Wednesday, November 9, 2011

kindred

At HTML, Roxane Gay interviews a poet named Gregory Sherl, and this interview made me really want to read his book, as well as to watch all episodes of Felicity.
What is your obsession as a writer?
Trying to stop myself from being so desperately aware that I’m a writer. Or maybe my obsession is figuring out how to pay for healthcare when my only income comes from being an Adjunct English Instructor. Or maybe it’s me obsessing over obsessing about the fact that I need to apply for my MFA like today but not doing it because writing new poems is better than putting old poems together in a packet with some stamps on it. Or maybe it’s watching the doctor try to figure out the right cocktail of medication so I don’t sleep nineteen hours in one day. Or maybe it’s trying to watch Felicity in its entirety as quickly as possible (a little over two weeks, I believe). Or maybe these aren’t my obsessions as a writer but my obsessions as me but I’m a writer so I think it fits.

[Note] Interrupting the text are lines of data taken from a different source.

(* Condition (ii): with det M <= kappa^2 L1^2 and m^2 <= L1^2/16 one gets
   (T - 1) L1 L2 <= 17/48 L1^2 < L1^2 / 2. *)
Lemma admissible_of_condition_bound (L1 L2 m K T : R) :
  0 < L1 -> L1 <= L2 -> 1 <= K -> 1 <= T -> 4 * Rabs m <= L1 ->
  L1 * L2 - m ^ 2 <= K * L1 ^ 2 -> T <= 1 + / 3 * / K ->
  admissible L1 L2 m T.
Proof.
  intros HL1 HL12 HK HT Hm Hdet Hcond.
  assert (HTK : (T - 1) * (3 * K) <= 1).
  { apply Rle_trans with ((/ 3 * / K) * (3 * K)); [apply Rmult_le_compat_r; lra|].
    right; field; lra. }
  assert (Hm2 : 16 * (m * m) <= L1 * L1)
    by (rewrite sqr_Rabs; pose proof (Rabs_pos m); nra).
  assert (HKL1 : L1 * L1 <= K * (L1 * L1)) by nra.
  assert (HL1L2 : L1 * L2 <= 17 / 16 * (K * (L1 * L1))).
  { replace (m ^ 2) with (m * m) in Hdet by ring.
    replace (L1 ^ 2) with (L1 * L1) in Hdet by ring. lra. }
  assert (Hprod : (T - 1) * (L1 * L2) <= 17 / 48 * (L1 * L1)).
  { apply Rmult_le_reg_l with (3 * K); [lra|].
    assert (Hscaled : (T - 1) * (3 * K) * (L1 * L2) <= 1 * (L1 * L2))
      by (apply Rmult_le_compat_r; nra).
    nra. }
  split; [nra|]; right; split; [exact Hm|].
  apply Rmult_lt_reg_r with L1; [exact HL1|]. nra.
Qed.

Lemma hypothesis_admissible (M : mat2) (e f : Z * Z) (tau : R) :
  S2plus M -> reduced_basis M e f -> 1 <= tau ->
  ((2 * mu_of M e f < lambda1_of M e f ^ 2 /\ tau = 1) \/
   (4 * mu_of M e f <= lambda1_of M e f ^ 2 /\
    tau ^ 4 <= 1 + / 3 * / (kappa M ^ 2))) ->
  admissible (qform M (zv e)) (qform M (zv f)) (Mdot M e f) (tau ^ 4).
Proof.
  intros HM Hred Htau Hcase.
  destruct (reduced_gram M e f HM Hred) as (HL1 & HL12 & _).
  assert (Hlambda : lambda1_of M e f ^ 2 = qform M (zv e))
    by (apply pow2_sqrt; left; exact HL1).
  unfold mu_of in Hcase; rewrite Hlambda, kappa_sq in Hcase.
  assert (HT : 1 <= tau ^ 4) by (rewrite <- (pow1 4); apply pow_incr; lra).
  destruct Hcase as [[Hm ->] | [Hm Hcond]].
  - split; [rewrite pow1; lra | left; split; [apply pow1 | exact Hm]].
  - apply admissible_of_condition_bound with (opnorm M * opnorm (inv2 M));
      auto using condition_sq_ge_1.
    destruct Hred as [Hdet _].
    rewrite (gram_det M e f (proj1 HM)).
    assert (Hz : IZR (zdet e f) ^ 2 = 1) by (destruct Hdet as [-> | ->]; simpl; ring).
    pose proof (det2_le_condition_qform M (zv e) HM) as Hkappa.
    assert (Hn : 1 <= dot (zv e) (zv e))
      by (apply dot_zv_ge_1, (unimodular_neq_0 e f Hdet)).
    assert (Hn2 : 1 <= dot (zv e) (zv e) ^ 2) by (rewrite <- (pow1 2); apply pow_incr; lra).
    pose proof (det2_pos M HM). rewrite Hz. nra.
Qed.

(* e' is M'-minimal, hence M-short: e' is +-e or +-f.  f' is M'-minimal off
   the line of e', and compared with whichever of e, f is off that line it
   is M-short and not collinear with e', which leaves the other one. *)
Theorem mainTheorem14 (M M' : mat2) (e f e' f' : Z * Z) (tau : R) :
  S2plus M -> S2plus M' ->
  reduced_basis M e f -> reduced_basis M' e' f' ->
  1 <= tau ->
  loewner_le (scal2 (/ tau ^ 2) M) M' ->
  loewner_le M' (scal2 (tau ^ 2) M) ->
  ((2 * mu_of M e f < lambda1_of M e f ^ 2 /\ tau = 1) \/
   (4 * mu_of M e f <= lambda1_of M e f ^ 2 /\
    tau ^ 4 <= 1 + / 3 * / (kappa M ^ 2))) ->
  (e' = e \/ e' = f \/ e' = zneg e \/ e' = zneg f) /\
  (f' = e \/ f' = f \/ f' = zneg e \/ f' = zneg f).
Proof.
  intros HM HM' Hred [Hdet' [He' Hf']] Htau Hlow Hup Hcase.
  destruct (reduced_gram M e f HM Hred) as (HL1 & HL12 & Hm).
  pose proof (hypothesis_admissible M e f tau HM Hred Htau Hcase) as Hadm.
  pose proof (loewner_transfer M M' tau (proj2 HM') ltac:(lra) Hlow Hup) as Htransfer.
  destruct Hred as [Hdet _].
  pose proof (short_vector_off_e_line M e f _ (proj1 HM) Hdet HL1 HL12 Hm Hadm) as Hoff_e.
  pose proof (short_vector_off_f_line M e f _ (proj1 HM) Hdet HL1 HL12 Hm Hadm) as Hoff_f.
  assert (He'_short : e' = e \/ e' = f \/ e' = zneg e \/ e' = zneg f).
  { apply (short_vector M e f _ (proj1 HM) Hdet HL1 HL12 Hm Hadm).
    - apply (unimodular_neq_0 e' f' Hdet').
    - apply Htransfer, He', (unimodular_neq_0 e f Hdet). }
  split; [exact He'_short|].
  unfold unimodular in Hdet, Hdet'.
  destruct He'_short as [-> | [-> | [-> | ->]]]; rewrite ?zdet_zneg in Hdet'.
  - destruct (Hoff_e f') as [-> | ->]; try lia; auto.
    apply Htransfer, Hf', not_in_line; lia.
  - destruct (Hoff_f f') as [-> | ->]; try lia; auto.
    apply Htransfer, Hf', not_in_line; rewrite zdet_swap; lia.
  - destruct (Hoff_e f') as [-> | ->]; try lia; auto.
    apply Htransfer, Hf', not_in_line; rewrite zdet_zneg; lia.
  - destruct (Hoff_f f') as [-> | ->]; try lia; auto.
    apply Htransfer, Hf', not_in_line; rewrite zdet_zneg, zdet_swap; lia.
Qed.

At the Skylight Reading the bookstore person who was MC-ing it asked me and Kate afterwards what our process was like. And I was like, half-jokingly "Well I used to wake up at dawn and write for five hours or I wasn't complete, but now I lay around all day and watch stuff on my computer like Pretty Little Liars." But oh Felicity. I LOVED Felicity.

Now I have to go bang out this motherfucking outline if it's the last thing I do. 




Pictures from the Two Kates reading at Skylight in LA

I know people thought perhaps me and Kate Durbin were the same person, because we rarely appear in public together. This is photographic proof that we are in fact two individual people. (I'm joking, it's become my running joke that Kate and I are twins because we obviously look so much alike, but it's one of those jokes where noone else laughs but I still think it's funny).

These photos make me happy and I'm trying to be happy today, and trying not to lay around moaning and sobbing like a kiddie contestant on Toddlers and Tiaras (substitute not wanting to start a rewrite with not wanting to put on my sparkling dress and baby-platforms). So I thought I'd show them here. Kate, hope that's okay. Today I'm listening to St. Vincent on repeat and walking around my front yard with the gorgeous autumn leaves and waving my hands in the air, like I did as a child, when I thought I was perhaps Mother Nature or an emissary of Mother Nature, and I am eating orange marmalade on toast. I am trying today. I am trying to be okay.




 I am talking in almost every picture. At the reading I talked about how I felt such a kinship with Kate that in a way mirrors the kinship Ruth feels for Agnes in Green Girl, especially around film. There's a scene in the book where Ruth is at a nail shop, and she wants to ask the manicurist jokingly for "Tiger Red" a reference to George Cukor's film The Women, but she feels only Agnes would get that joke. I know Kate would get it, especially since her famous gold lame hot shorts costume is called the Crystal Allen, after the Joan Crawford femme fatale-shopgirl in the film.
Kate read from her amazing meticulous slow-down of The Hills, collected in E! Entertainment, and had various people read the dialogue parts, further highlighting their painful banality as well as the real pathos of everything. This is me and Kate's friend Sam. I really love my dress, even though I'm realizing looking at these pictures it isn't the most body-flattering dress in the world. But I still love it. My affection and love for my individual garments often transcends whether they're actually the most ideally flattering on me.

For some reason during my reading of the bartender scene in Green Girl I began to feel two rather warm flags of red on my cheeks. I think it's because I brought sparkling wine beforehand for the audience to drink, and I drank a cup, even though I have been trying not to drink lately, as a)it makes my digestive system super fucked up and b)even a glass of something makes me unbelievably depressed the next day. It looks like blush. I told this to Amina Cain afterwards. She said something like, I thought you were just really into it. Although I was really into that passage, which I like reading even though sometimes I can tell audience members dislike it or it makes them uncomfortable. It's really surprised me how much I love reading from Green Girl, even though it's not as performative of a text as O Fallen Angel. Although I read some from O Fallen Angel at CalArts, as well as Green Girl and Heroines, and I was surprised how much I missed the rhythms of that book, the rapid-fire way I do Mommy, the painful eye-rolling deliciousness of Maggie.